Para Brunna, a relação de pessoas adultas com bebês reborn se torna prejudicial quando substitui completamente vínculos humanos – um indicador de possível isolamento social extremo –, ou é marcada por uma negação da realidade, especialmente se há rigidez na fantasia, como tratar o boneco como se fosse um bebê real em todas as situações.
Não é por isso, no entanto, que o apego de adultos com bonecos é sempre uma coisa negativa. “Mesmo nesses casos, o bebê pode funcionar como um recurso terapêutico paliativo, acalmando e organizando a pessoa emocionalmente”, explica a psicóloga.
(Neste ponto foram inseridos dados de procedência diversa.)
(* Let $f\in\mathbb{F}_q[t][X]$ have $X$-degree $n\ge1$, and for $0\le i\le n-1$ let $B_i=\sup\{m\in\mathbb{N}:(m,i)\in N(f)+\{(0,-1)\}\}$. Let $g\in\mathbb{F}_q[t][X]$ be a nonzero polynomial dividing $f$ in $\mathbb{F}_q[t][X]$ and write $\Phi(g):=fg'/g=\sum_{i=0}^{n-1}a_i(t)X^i$. Then for each $i$ with $a_i\neq0$, the set defining $B_i$ is nonempty and $\deg a_i\le B_i$.
   Context: The Newton polygon $N(h)\subset\mathbb{R}^2$ of $h\in\mathbb{F}_q[t,X]$ is the convex hull of all points $(a,b)$ such that the coefficient of $t^aX^b$ in $h$ is nonzero. For $S_1,S_2\subseteq\mathbb{R}^2$, $S_1+S_2=\{s_1+s_2:s_1\in S_1,s_2\in S_2\}$. $g'$ is the derivative with respect to $X$. *)

From HB Require Import structures.
From mathcomp Require Import all_boot all_order all_algebra.
Set Implicit Arguments. Unset Strict Implicit. Unset Printing Implicit Defensive.
Import Order.TTheory GRing.Theory Num.Theory.
Local Open Scope ring_scope.

(* Polynomials in F[t][X] are represented as {poly {poly F}}: the outer
   variable is X, the coefficients are polynomials in t.  The coefficient of
   t^a X^b in f is (f`_b)`_a. *)

Definition plane_set (R : realFieldType) := R * R -> Prop.

Definition newton_polygon (F : fieldType) (R : realFieldType)
  (f : {poly {poly F}}) : plane_set R :=
  fun p => exists (k : nat) (pts : 'I_k -> nat * nat) (w : 'I_k -> R),
    [/\ forall j, (f`_(pts j).2)`_(pts j).1 != 0,
        forall j, 0 <= w j,
        \sum_(j < k) w j = 1,
        p.1 = \sum_(j < k) w j * ((pts j).1)%:R &
        p.2 = \sum_(j < k) w j * ((pts j).2)%:R].

Arguments newton_polygon {F} R f.

Definition minkowski_sum (R : realFieldType) (S1 S2 : plane_set R) : plane_set R :=
  fun p => exists p1 p2, [/\ S1 p1, S2 p2 & p = (p1.1 + p2.1, p1.2 + p2.2)].

Definition singleton_pt (R : realFieldType) (q : R * R) : plane_set R :=
  fun p => p = q.

Definition B_set (F : fieldType) (R : realFieldType) (f : {poly {poly F}})
  (i : nat) : nat -> Prop :=
  fun m => minkowski_sum (newton_polygon R f) (singleton_pt (0, -1))
             ((m%:R : R), (i%:R : R)).

Arguments B_set {F} R f i.

(* Write f = g h, so that Phi(g) = h g'.  Its i-th X-coefficient is a sum of
   products h_k (l g_l) with k + l = i + 1, so its t-degree is at most
   deg h_k + deg g_l for one such pair with h_k, g_l nonzero.  The point
   (deg g_l + deg h_k, i + 1) lies in N(g) + N(h), which is contained in N(f):
   the maximum of any linear form over the support of g h is at least the sum
   of its maxima over the supports of g and h, since the coefficient of g h at
   the sum of the (lexicographically refined) maximisers is a product of two
   nonzero coefficients.  On the line b = i + 1, a one-dimensional duality
   argument turns these inequalities, for the forms +-a + w b, into points of
   N(f) on both sides of the target point.  Shifting by (0, -1) puts deg a_i
   in the set defining B_i. *)

From HB Require Import structures.
From mathcomp Require Import all_boot all_order all_algebra.
From mathcomp Require Import reals.
From mathcomp Require Import ring lra zify.
From Stdlib Require Import Classical.
Import Order.TTheory GRing.Theory Num.Theory.
Local Open Scope ring_scope.

Lemma seq_argmax (R : realDomainType) (T : eqType) (s : seq T) (F : T -> R) :
  s != [::] -> exists2 x, x \in s & forall y, y \in s -> F y <= F x.
Proof.
elim: s => [//|a s IH] _.
case: (eqVneq s [::]) => [->|/IH [x xs Hx]].
  by exists a => [|y]; rewrite ?mem_head // inE => /eqP ->.
case: (leP (F a) (F x)) => [le_ax|lt_xa].
  by exists x => [|y]; rewrite inE ?xs ?orbT // => /predU1P [->|/Hx].
exists a => [|y]; first exact: mem_head.
by rewrite inE => /predU1P [->//|/Hx le_yx]; exact: le_trans le_yx (ltW lt_xa).
Qed.

Arguments seq_argmax {R T s} F.

Lemma exists_between_seq (R : realFieldType) (xs ys : seq R) :
  (forall x y, x \in xs -> y \in ys -> x < y) ->
  exists w, (forall x, x \in xs -> x < w) /\ (forall y, y \in ys -> w < y).
Proof.
move=> lt_xy.
case: (eqVneq xs [::]) => [->|/(seq_argmax id) [xm xm_xs max_xm]];
case: (eqVneq ys [::]) => [->|/(seq_argmax (fun y => - y)) [ym ym_ys min_ym]].
- by exists 0.
- by exists (ym - 1); split => // y /min_ym; rewrite lerN2 => ?; lra.
- by exists (xm + 1); split => // x /max_xm => ?; lra.
- have := lt_xy _ _ xm_xs ym_ys => ?.
  exists ((xm + ym) / 2); split => [x /max_xm|y /min_ym]; rewrite ?lerN2 => ?; lra.
Qed.

(* The hypotheses say that no point of [S] on the line [b = y0], and no
   crossing of that line by a segment joining two points of [S], lies at
   abscissa [>= d]. *)
Lemma separating_weight (R : realFieldType) (S : seq (R * R)) (y0 d : R) :
  (forall q, q \in S -> q.2 = y0 -> q.1 < d) ->
  (forall q1 q2, q1 \in S -> q2 \in S -> q1.2 < y0 -> y0 < q2.2 ->
     (q1.1 - d) * (q2.2 - y0) < (d - q2.1) * (y0 - q1.2)) ->
  exists w, forall q, q \in S -> q.1 + w * q.2 < d + w * y0.
Proof.
move=> on_line crossing.
pose xs := [seq (q.1 - d) / (y0 - q.2) | q <- S & q.2 < y0].
pose ys := [seq (d - q.1) / (q.2 - y0) | q <- S & y0 < q.2].
have [w [lt_xs_w lt_w_ys]] :
    exists w, (forall x, x \in xs -> x < w) /\ (forall y, y \in ys -> w < y).
  apply: exists_between_seq => x y /mapP [q1 + ->] /mapP [q2 + ->].
  rewrite !mem_filter => /andP [below q1S] /andP [above q2S].
  rewrite ltr_pdivrMr ?subr_gt0 // mulrAC ltr_pdivlMr ?subr_gt0 //.
  exact: crossing.
exists w => q qS; case: (ltgtP q.2 y0) => [below|above|/[dup] eq_y /on_line].
- have /lt_xs_w : (q.1 - d) / (y0 - q.2) \in xs.
    by apply: map_f; rewrite mem_filter below qS.
  by rewrite ltr_pdivrMr ?subr_gt0 // => ?; nra.
- have /lt_w_ys : (d - q.1) / (q.2 - y0) \in ys.
    by apply: map_f; rewrite mem_filter above qS.
  by rewrite ltr_pdivlMr ?subr_gt0 // => ?; nra.
- by move=> /(_ qS); rewrite eq_y; lra.
Qed.

Lemma conv2_on_line_of_weights {R : realFieldType} {S : seq (R * R)} {y0 d : R} :
  (forall w : R, exists2 q, q \in S & d + w * y0 <= q.1 + w * q.2) ->
  exists q1 q2 lam, [/\ q1 \in S, q2 \in S, 0 <= lam <= 1,
     lam * q1.2 + (1 - lam) * q2.2 = y0 & d <= lam * q1.1 + (1 - lam) * q2.1].
Proof.
move=> weights; apply: NNPP => no_conv.
have [|q1 q2 q1S q2S below above|w sep_w] := @separating_weight R S y0 d.
- move=> q qS eq_y; rewrite ltNge; apply/negP => le_d; apply: no_conv.
  exists q, q, 1; rewrite subrr !mul0r !addr0 !mul1r.
  by split; rewrite ?ler01 ?lexx.
- rewrite ltNge; apply/negP => le_cross; apply: no_conv.
  set D := q2.2 - q1.2.
  have D_gt0 : 0 < D by rewrite /D; lra.
  have D_neq0 : D != 0 by exact: lt0r_neq0.
  have lamC : 1 - (q2.2 - y0) / D = (y0 - q1.2) / D by rewrite /D; field.
  exists q1, q2, ((q2.2 - y0) / D); split => //.
  + rewrite divr_ge0 ?ler_pdivrMr //=; rewrite /D; lra.
  + by rewrite lamC /D; field.
  + rewrite lamC mulrAC [X in _ + X]mulrAC -mulrDl ler_pdivlMr //.
    rewrite /D; nra.
- by have [q qS] := weights w; have := sep_w q qS; lra.
Qed.

(* The pair (a, b) stands for the monomial t^a X^b. *)
Definition bisupport (K : nzRingType) (p : {poly {poly K}}) : seq (nat * nat) :=
  [seq q <- [seq (a, b) | b <- iota 0 (size p), a <- iota 0 (size p`_b)]
     | p`_q.2`_q.1 != 0].
Arguments bisupport {K}.

Lemma mem_bisupport (K : nzRingType) (p : {poly {poly K}}) (q : nat * nat) :
  (q \in bisupport p) = (p`_q.2`_q.1 != 0).
Proof.
rewrite mem_filter andb_idr // => nz; case: q nz => a b /= nz.
apply/allpairsPdep; exists b, a; rewrite !mem_iota /= !add0n; split => //.
  by rewrite ltnNge; apply: contra nz => /(nth_default 0) ->; rewrite coef0.
by rewrite ltnNge; apply: contra nz => /(nth_default 0) ->.
Qed.

Definition weight (R : realFieldType) (u w : R) (q : nat * nat) : R :=
  u * q.1%:R + w * q.2%:R.
Arguments weight {R}.

Lemma weightD (R : realFieldType) (u w : R) (a1 b1 a2 b2 : nat) :
  weight u w (a1 + a2, b1 + b2)%N = weight u w (a1, b1) + weight u w (a2, b2).
Proof. by rewrite /weight /= !natrD; ring. Qed.
Arguments weightD {R}.

Definition weight_lexmax (R : realFieldType) (u w : R) (s : seq (nat * nat))
    (p : nat * nat) :=
  [/\ p \in s, forall x, x \in s -> weight u w x <= weight u w p,
      forall x, x \in s -> weight u w x = weight u w p -> (x.2 <= p.2)%N &
      forall x, x \in s -> weight u w x = weight u w p -> x.2 = p.2 ->
        (x.1 <= p.1)%N].
Arguments weight_lexmax {R}.

Lemma exists_weight_lexmax {R : realFieldType} (u w : R) (s : seq (nat * nat)) :
  s != [::] -> exists p, weight_lexmax u w s p.
Proof.
move=> s_neq0.
have [p1 p1s max_p1] := seq_argmax (weight u w) s_neq0.
pose s1 := [seq x <- s | weight u w x == weight u w p1].
have p1s1 : p1 \in s1 by rewrite mem_filter eqxx.
have /(seq_argmax (fun x => x.2%:R : R)) [p2 p2s1 max_p2] : s1 != [::].
  by apply: contraTneq p1s1 => ->.
pose s2 := [seq x <- s1 | x.2 == p2.2].
have p2s2 : p2 \in s2 by rewrite mem_filter eqxx.
have /(seq_argmax (fun x => x.1%:R : R)) [p3 p3s2 max_p3] : s2 != [::].
  by apply: contraTneq p2s2 => ->.
move: (p3s2); rewrite !mem_filter => /and3P [/eqP eq_y /eqP eq_w p3s].
exists p3; split => // [x /max_p1|x xs eq_xw|x xs eq_xw eq_xy].
- by rewrite eq_w.
- by rewrite eq_y -(ler_nat R) max_p2 // mem_filter eq_xw eq_w eqxx.
- by rewrite -(ler_nat R) max_p3 // !mem_filter eq_xy eq_y eq_xw eq_w !eqxx.
Qed.

Lemma weight_lexmax_sum_uniq {R : realFieldType} {u w : R}
    {s1 s2 : seq (nat * nat)} {p1 p2 x1 x2 : nat * nat} :
  weight_lexmax u w s1 p1 -> weight_lexmax u w s2 p2 ->
  x1 \in s1 -> x2 \in s2 ->
  (x1.1 + x2.1 = p1.1 + p2.1)%N -> (x1.2 + x2.2 = p1.2 + p2.2)%N -> x1 = p1.
Proof.
case: p1 p2 x1 x2 => [a1 b1] [a2 b2] [c1 d1] [c2 d2] /= [_ W1 Y1 X1] [_ W2 Y2 X2]
  x1s x2s sum_a sum_b.
have /= := weightD u w c1 d1 c2 d2; rewrite sum_a sum_b weightD.
move: (W1 _ x1s) (W2 _ x2s) => le1 le2 eq_sum.
have eq1 : weight u w (c1, d1) = weight u w (a1, b1) by lra.
have eq2 : weight u w (c2, d2) = weight u w (a2, b2) by lra.
have /= le_d1 := Y1 _ x1s eq1; have /= le_d2 := Y2 _ x2s eq2.
have eq_d1 : d1 = b1 by lia.
have eq_d2 : d2 = b2 by lia.
have /= := X1 _ x1s eq1 eq_d1; have /= := X2 _ x2s eq2 eq_d2.
by rewrite eq_d1 => ? ?; congr pair; lia.
Qed.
Os bebês reborn, segundo Brunna, podem ajudar por várias vias, incluindo a regulação emocional, quando ajudam a reduzir ansiedade, solidão e angústia, oferecendo uma sensação de companhia.
Casos como esses são vistos frequentemente por Diogo Leal, fundador da loja “O Mundo da Bebe%u0302 Reborn”, localizada no Centro do Recife e dona de quase 30 mil seguidores no Instagram. Em um deles, uma mulher de 70 anos comprou uma bebê reborn para o seu pai, um senhor de 93 anos que lutava contra o Alzheimer. Depois, mandou um vídeo para a loja mostrando os resultados do investimento.
“Ela é quem incentiva ele a comer. Ele agora está calmo, brando, toma banho porque a menina toma banho. Ele está usando fralda, e não queria usar, mas a menina também usa fralda”, conta nas imagens enviadas enquanto mostra todos – inclusive a boneca – sentados à mesa na hora do café da manhã como uma família.